LLama2 70b on GC | C2C Community

LLama2 70b on GC

  • 26 September 2023
  • 8 replies

Userlevel 3
Badge +2

Hi Community, I am hoping you can help me out. I recently read that I can easily use vortex to launch Llama and it shouldn’t be difficult. Has this been others experience? I was recently told that it would be a long process to fine tune Llama2 70b but keep reading other articles of people making it happen in matter of hours. Any experience with this? Also, how can I figure out the hourly costs to host Llama2 on GC?

I appreciate any feedback you can offer.





Best answer by malamin 28 September 2023, 02:37

View original

8 replies

Userlevel 7
Badge +17

To figure out the hourly costs of hosting a specific model on Google Cloud (GC), you would need to consider various factors, such as the instance type, storage requirements, and network usage. GC provides a pricing calculator on their website which can help you estimate the costs based on your specific configuration. You can access the Google Cloud pricing calculator at https://cloud.google.com/products/calculator

Userlevel 3
Badge +2

Thanks Kate on your quick response. Any thoughts on my other questions?

Userlevel 7
Badge +29

@Nelson, you were trying to work around a bit with Llama2… Can you perhaps drop a piece of advice here? Thanks! 

Userlevel 7
Badge +35

Hello @ChambiarGirl ,

Thank you for open this discusstion here. It’s really interesting and Fine-tuning Llama2 70b in a matter of hours is still a challenge, but it is becoming increasingly possible with the latest advances in hardware and software. For example, the Hugging Face Transformers library provides a number of techniques for efficient fine-tuning, such as QLoRA and FlashAttention 2.

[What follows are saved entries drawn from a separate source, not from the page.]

(* Let $\mathbb{R}^p=E^q\oplus E^{p-q}$ be a decomposition with $\dim E^q=q\ge1$ such that the image of $E^q$ in $\mathbb{R}^p/\mathbb{Z}^p$ is dense, fix a scalar product on $E^q$, and let $A\in\mathrm{GL}_p(\mathbb{Z})$ preserve $E^q$ and $E^{p-q}$ with $A|_{E^q}$ a similarity. Then there exists a basis of $\mathbb{R}^p$ consisting of vectors of $\mathbb{Z}^p$ in which the matrix of $A$ is block diagonal, each diagonal block having integer entries and a characteristic polynomial which is irreducible over $\mathbb{Z}$. *)

From HB Require Import structures.
From mathcomp Require Import all_boot all_order all_algebra.
From mathcomp Require Import reals.
Set Implicit Arguments. Unset Strict Implicit. Unset Printing Implicit Defensive.
Import Order.TTheory GRing.Theory Num.Theory.
Local Open Scope ring_scope.

(* Vectors of R^n are column vectors 'cV[R]_n; matrices act by left product. *)

Definition mxZR (R : realType) m n (M : 'M[int]_(m, n)) : 'M[R]_(m, n) :=
  map_mx (fun z : int => z%:~R) M.

Definition scal (R : realType) n (S : 'M[R]_n) (u v : 'cV[R]_n) : R :=
  (u^T *m S *m v) 0 0.

Definition scalar_product (R : realType) n (S : 'M[R]_n) : Prop :=
  S^T = S /\ forall c : 'cV[R]_n, c != 0 -> 0 < scal S c c.

Definition irreducible_over_Z (p : {poly int}) : Prop :=
  p != 0 /\ ~~ (p \is a GRing.unit) /\
  forall a b : {poly int}, p = a * b -> a \is a GRing.unit \/ b \is a GRing.unit.

(* A restricted to E^q is a similarity, hence normal for the scalar product,
   so no nonzero polynomial in it is nilpotent. If p(A) has rational
   coefficients and p(A)^2 = 0, then p(A) vanishes on E^q, and its rational
   rows, being orthogonal to E^q, vanish because E^q + Z^p is dense. Hence
   Q[A] is reduced and the minimal polynomial of A over Q is squarefree.
   Integer bases are then built greedily: outside the span of the blocks
   obtained so far there is an integer vector v killed by g(A) for a monic
   irreducible integer factor g of the characteristic polynomial (Gauss's
   lemma), and v, Av, ..., A^(deg g - 1) v stay independent modulo that
   A-stable span; in this Krylov basis A acts by the companion matrix of g. *)

Set Warnings "-notation-overridden,-ambiguous-paths,-notation-incompatible-prefix".
From HB Require Import structures.
From mathcomp Require Import all_boot all_order all_algebra.
From mathcomp Require Import reals.
From Stdlib Require Import Classical.
From mathcomp Require Import ring zify lra.
Import Order.TTheory GRing.Theory Num.Theory.

Set Implicit Arguments. Unset Strict Implicit. Unset Printing Implicit Defensive.
Local Open Scope ring_scope.

Lemma exists_irreducible_dvdp (F : fieldType) (f : {poly F}) :
  (1 < size f)%N -> exists2 g, irreducible_poly g & g %| f.
Proof.
elim: {f}(size f).+1 {-2}f (ltnSn (size f)) => // s IH f f_lt f_gt1.
have [f_irr | f_red] := classic (irreducible_poly f); first by exists f.
have [q q_not_assoc] : exists q : {poly F}, ~ (size q != 1%N -> q %| f -> q %= f).
  by apply: not_all_ex_not => f_irr; apply: f_red.
have [q_neq1 | /negbTE q1] := boolP (size q != 1%N); last first.
  by case: q_not_assoc; rewrite q1.
have [qf | /negbTE q_ndvd] := boolP (q %| f); last by case: q_not_assoc; rewrite q_ndvd.
have [q_f | q_nf] := boolP (q %= f); first by case: q_not_assoc.
have f_neq0 : f != 0 by rewrite -size_poly_gt0 (ltn_trans _ f_gt1).
have q_neq0 : q != 0 by apply: contra_neq f_neq0 => q0; move: qf; rewrite q0 dvd0p => /eqP.
have q_lt : (size q < size f)%N.
  rewrite ltn_neqAle dvdp_leq // andbT; apply: contra q_nf => /eqP size_qf.
  by rewrite -dvdp_size_eqp // size_qf.
have q_gt1 : (1 < size q)%N by rewrite ltn_neqAle eq_sym q_neq1 size_poly_gt0.
have [g g_irr gq] := IH q (leq_trans q_lt f_lt) q_gt1.
by exists g; last exact: dvdp_trans gq qf.
Qed.

Lemma horner_mxM (R : comNzRingType) n (N : 'M[R]_n.+1) (p q : {poly R}) :
  horner_mx N (p * q) = horner_mx N p *m horner_mx N q.
Proof. by rewrite rmorphM /= mulmxE. Qed.

Definition horner_reduced (R : comNzRingType) n (N : 'M[R]_n.+1) :=
  forall p : {poly R}, horner_mx N p ^+ 2 = 0 -> horner_mx N p = 0.

Section ReducedHorner.

Variables (F : fieldType) (n : nat) (N : 'M[F]_n.+1).
Hypothesis N_reduced : horner_reduced N.

Lemma mxminpoly_sqfree (g : {poly F}) : (1 < size g)%N -> ~~ (g * g %| mxminpoly N).
Proof.
move=> g_gt1; apply/negP => /dvdpP [h Dm].
have m_neq0 : mxminpoly N != 0 := monic_neq0 (mxminpoly_monic N).
have g_neq0 : g != 0 by rewrite -size_poly_gt0 (ltn_trans _ g_gt1).
have hg_neq0 : h * g != 0.
  by apply: contra_neq m_neq0; rewrite Dm mulrA => ->; rewrite mul0r.
have : horner_mx N (h * g) = 0.
  apply: N_reduced; rewrite -rmorphXn /= (_ : _ ^+ 2 = mxminpoly N * h).
    by rewrite horner_mxM mx_root_minpoly mul0mx.
  by rewrite Dm; ring.
move/mxminpoly_min/(dvdp_leq hg_neq0); rewrite Dm mulrA size_mul //.
by move: (size (h * g)) (size g) g_gt1 => s t; rewrite -subn1; lia.
Qed.

Lemma coprimep_irreducible_divp (f g : {poly F}) :
  f %| mxminpoly N -> irreducible_poly g -> g %| f -> coprimep g (f %/ g).
Proof.
move=> fm g_irr gf; rewrite irreducible_poly_coprime //.
apply: contra (mxminpoly_sqfree g_irr.1) => g_dvd; apply: dvdp_trans fm.
by rewrite -(divpK gf) dvdp_mul.
Qed.

(* Splitting u along a Bezout relation between an irreducible factor g of f and
   f / g, one of the two pieces stays outside W. *)
Lemma irreducible_annihilator_outside m (W : 'M[F]_(m, n.+1)) (f : {poly F})
    (u : 'rV_n.+1) :
  f %| mxminpoly N -> u *m horner_mx N f = 0 -> ~~ (u <= W)%MS ->
  exists2 g, irreducible_poly g /\ g %| f &
    exists2 v : 'rV_n.+1, ~~ (v <= W)%MS & v *m horner_mx N g = 0.
Proof.
have m_neq0 : mxminpoly N != 0 := monic_neq0 (mxminpoly_monic N).
elim: {f}(size f).+1 {-2}f (ltnSn (size f)) u => // s IH f f_lt u fm uf uW.
have f_neq0 : f != 0.
  by apply: contra_neq m_neq0 => f0; move: fm; rewrite f0 dvd0p => /eqP.
have [f_le1 | f_gt1] := leqP (size f) 1.
  have Df := size1_polyC f_le1; move: f_neq0 uf; rewrite Df horner_mx_C polyC_eq0.
  move=> c_neq0; rewrite mul_mx_scalar => /eqP; rewrite scaler_eq0 (negPf c_neq0) /=.
  by move=> /eqP u0; move: uW; rewrite u0 sub0mx.
have [g g_irr gf] := exists_irreducible_dvdp f_gt1.
set h := f %/ g; have Df : h * g = f by rewrite divpK.
have /Bezout_eq1_coprimepP [[a b] /= Dab] := coprimep_irreducible_divp fm g_irr gf.
pose u1 := u *m horner_mx N (a * g); pose u2 := u *m horner_mx N (b * h).
have Du : u = u1 + u2 by rewrite -mulmxDr -rmorphD /= Dab rmorph1 mulmx1.
have u2g : u2 *m horner_mx N g = 0.
  by rewrite -mulmxA -horner_mxM -mulrA Df mulrC horner_mxM mulmxA uf mul0mx.
have [u2W | u2W] := boolP (u2 <= W)%MS; last by exists g => //; exists u2.
have u1W : ~~ (u1 <= W)%MS by apply: contra uW => u1W; rewrite Du addmx_sub.
have u1h : u1 *m horner_mx N h = 0.
  rewrite -mulmxA -horner_mxM (_ : a * g * h = f * a); last by rewrite -Df; ring.
  by rewrite horner_mxM mulmxA uf mul0mx.
have hf : h %| f by rewrite -Df dvdp_mulr.
have h_lt : (size h < s)%N.
  have h_neq0 : h != 0 by apply: contra_neq f_neq0; rewrite -Df => ->; rewrite mul0r.
  move: f_lt; rewrite -Df size_mul ?(irredp_neq0 g_irr) //.
  by move: (size h) (size g) g_irr.1 (size_poly_gt0 h) => x y; rewrite h_neq0 -subn1; lia.
have [g' [g'_irr g'h] v_out] := IH h h_lt u1 (dvdp_trans hf fm) u1h u1W.
by exists g' => //; split; last exact: dvdp_trans g'h hf.
Qed.

End ReducedHorner.

Lemma row_free_col_mx (F : fieldType) d m n (X : 'M[F]_(d, n)) (W : 'M[F]_(m, n)) :
  row_free W -> (forall w : 'rV_d, (w *m X <= W)%MS -> w = 0) ->
  row_free (col_mx X W).
Proof.
move=> W_free X_free; apply: inj_row_free => u.
rewrite -[u]hsubmxK mul_row_col => /eqP; rewrite addr_eq0 => /eqP Du.
have ul0 : lsubmx u = 0 by apply: X_free; rewrite Du -mulNmx submxMl.
move: Du; rewrite ul0 mul0mx => /esym/eqP; rewrite oppr_eq0 -(mul0mx _ W).
by move=> /eqP /(row_free_inj W_free) ->; rewrite row_mx0.
Qed.

Lemma horner_mx_monic (R : comNzRingType) n (N : 'M[R]_n.+1) (g : {poly R}) :
  g \is monic ->
  horner_mx N g = \sum_(j < (size g).-1) g`_j *: N ^+ j + N ^+ (size g).-1.
Proof.
move=> g_monic; rewrite -{1}[g]coefK poly_def rmorph_sum /=.
have Dd : (size g).-1.+1 = size g by rewrite prednK // size_poly_gt0 monic_neq0.
rewrite -[in LHS]Dd big_ord_recr /= -lead_coefE (monicP g_monic) scale1r.
rewrite rmorphXn /= horner_mx_X; congr (_ + _); apply: eq_bigr => j _.
by rewrite linearZ /= rmorphXn /= horner_mx_X.
Qed.

Definition krylov_mx (R : pzRingType) n (N : 'M[R]_n) d (v : 'rV[R]_n) : 'M[R]_(d, n) :=
  \matrix_(i < d) (v *m N ^+ i).

Section Krylov.

Variables (R : comNzRingType) (n : nat) (N : 'M[R]_n.+1).

Lemma mul_krylov_mx d v (w : 'rV_d) :
  w *m krylov_mx N d v = v *m horner_mx N (rVpoly w).
Proof.
rewrite mulmx_sum_row {2}(row_sum_delta w) linear_sum rmorph_sum /= mulmx_sumr.
apply: eq_bigr => i _.
by rewrite rowK !linearZ /= rVpoly_delta rmorphXn /= horner_mx_X scalemxAr.
Qed.

Lemma krylov_mx_companion (g : {poly R}) v :
  g \is monic -> v *m horner_mx N g = 0 ->
  krylov_mx N (size g).-1 v *m N = companionmx g *m krylov_mx N (size g).-1 v.
Proof.
move=> g_monic vg; apply/row_matrixP => i.
rewrite row_mul rowK -mulmxA mulmxE -exprSr row_mul.
have [i_small | i_last] := ltnP i.+1 (size g).-1.
  by rewrite rowE mulmx_delta_companion -rowE rowK.
have Di : i.+1 = (size g).-1 by apply/eqP; rewrite eqn_leq ltn_ord i_last.
rewrite [in RHS]mulmx_sum_row Di.
move: vg; rewrite horner_mx_monic // mulmxDr => /eqP; rewrite addrC addr_eq0 => /eqP ->.
rewrite mulmx_sumr -sumrN; apply: eq_bigr => j _.
by rewrite rowK !mxE -[X in _ == X.-1]Di eqxx scaleNr -scalemxAr.
Qed.

End Krylov.

Lemma map_krylov_mx (R S : comNzRingType) (f : {rmorphism R -> S}) n
    (N : 'M[R]_n.+1) d v :
  map_mx f (krylov_mx N d v) = krylov_mx (map_mx f N) d (map_mx f v).
Proof.
by apply/row_matrixP => i; rewrite -map_row !rowK map_mxM rmorphXn.
Qed.

(* Modulo the irreducible g, every nonzero polynomial c of degree < deg g is
   invertible, so v can be recovered from v c(N) inside the N-stable W. *)
Lemma col_mx_krylov_free (F : fieldType) n (N : 'M[F]_n.+1) m
    (W : 'M[F]_(m, n.+1)) (g : {poly F}) (v : 'rV_n.+1) d :
  (d < size g)%N -> irreducible_poly g -> v *m horner_mx N g = 0 ->
  stablemx W N -> row_free W -> ~~ (v <= W)%MS ->
  row_free (col_mx (krylov_mx N d v) W).
Proof.
move=> d_lt g_irr vg W_stable W_free vW; apply: row_free_col_mx => // w.
rewrite mul_krylov_mx; set c := rVpoly w.
have [c0 | c_neq0] := eqVneq c 0; first by move=> _; rewrite -[w]rVpolyK -/c c0 linear0.
move=> vcW; case/negP: vW.
have /Bezout_eq1_coprimepP [[a b] /= Dab] : coprimep g c.
  rewrite irreducible_poly_coprime //; apply/negP => /(dvdp_leq c_neq0).
  by rewrite leqNgt (leq_ltn_trans (size_poly _ _) d_lt).
have -> : v = v *m horner_mx N c *m horner_mx N b.
  have : v *m horner_mx N (a * g + b * c) = v by rewrite Dab -polyC1 horner_mx_C mulmx1.
  rewrite rmorphD /= mulmxDr (mulrC a) (mulrC b) !horner_mxM !mulmxA vg mul0mx.
  by rewrite add0r => ->.
have W_stable' : stablemx W (horner_mx N b).
  by rewrite -(eqmx_stable _ (genmxE W)) horner_mx_stable // (eqmx_stable _ (genmxE W)).
exact: submx_trans (submxMr _ vcW) W_stable'.
Qed.

Local Notation Qmx := (map_mx (intr : int -> rat)).
Local Notation pZtoQ := (map_poly (intr : int -> rat)).

Lemma Qmx_inj m n : injective (Qmx : 'M[int]_(m, n) -> 'M[rat]_(m, n)).
Proof.
by move=> A B /matrixP AB; apply/matrixP => i j; have := AB i j; rewrite !mxE => /intr_inj.
Qed.

Lemma int_rV_scale n (v : 'rV[rat]_n) :
  exists2 D : int, D != 0 & exists vZ : 'rV[int]_n, Qmx vZ = D%:~R *: v.
Proof.
have [p [D D_neq0 Dv]] := rat_poly_scale (rVpoly v).
exists D => //; exists (\row_i p`_i); apply/rowP => i; rewrite !mxE.
have := congr1 (fun q : {poly rat} => q`_i) Dv; rewrite /= coef_rVpoly_ord => ->.
by rewrite coefZ coef_map /= mulrA mulfV ?mul1r ?intr_eq0.
Qed.

Lemma irreducible_polyZ (F : fieldType) (c : F) (g : {poly F}) :
  c != 0 -> irreducible_poly g -> irreducible_poly (c *: g).
Proof.
move=> c_neq0 [g_gt1 g_irr]; split; first by rewrite size_scale.
move=> q q_neq1; rewrite dvdpZr // => qg.
by apply: eqp_trans (g_irr q q_neq1 qg) _; rewrite eqp_sym eqp_scale.
Qed.

(* By Gauss's lemma an irreducible rational factor of a monic integer polynomial
   is, up to a scalar, a monic integer polynomial. *)
Lemma monic_int_irreducible_factor (p : {poly int}) (g : {poly rat}) :
  p \is monic -> irreducible_poly g -> g %| pZtoQ p ->
  exists2 g' : {poly int}, g' \is monic /\ irreducible_poly g' &
    exists2 c : rat, c != 0 & pZtoQ g' = c *: g.
Proof.
move=> p_monic g_irr /dvdpP_rat_int [g2 [a a_neq0 Dg] [r Dp]].
have lead_unit : lead_coef g2 * lead_coef r = 1.
  by rewrite -lead_coefM -Dp (monicP p_monic).
have r_neq0 : lead_coef r != 0.
  by apply/eqP => r0; move: lead_unit; rewrite r0 mulr0 => /eqP; rewrite eq_sym oner_eq0.
have Dg' : pZtoQ (lead_coef r *: g2) = ((lead_coef r)%:~R / a) *: g.
  by rewrite map_polyZ /= Dg scalerA mulfVK.
have c_neq0 : (lead_coef r)%:~R / a != 0 by rewrite mulf_neq0 ?invr_eq0 ?intr_eq0.
exists (lead_coef r *: g2); last by exists ((lead_coef r)%:~R / a).
split; first by rewrite monicE lead_coefZ mulrC lead_unit.
by apply/irreducible_rat_int; rewrite Dg'; apply: irreducible_polyZ.
Qed.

One way to fine-tune Llama2 70b in a matter of hours is to use a technique called QLoRA, which stands for Low-Rank Adaptation of Large Language Models. QLoRA works by attaching small, low-rank adapters to the pre-trained model. These adapters are then fine-tuned on the downstream task, which is much faster than fine-tuning the entire model.

Another way to fine-tune Llama2 70b in a matter of hours is to use a technique called parameter-efficient fine-tuning. Parameter-efficient fine-tuning works by only fine-tuning the parameters of the model that are most important for the downstream task. This can be done by using techniques such as prompt tuning and adapter tuning.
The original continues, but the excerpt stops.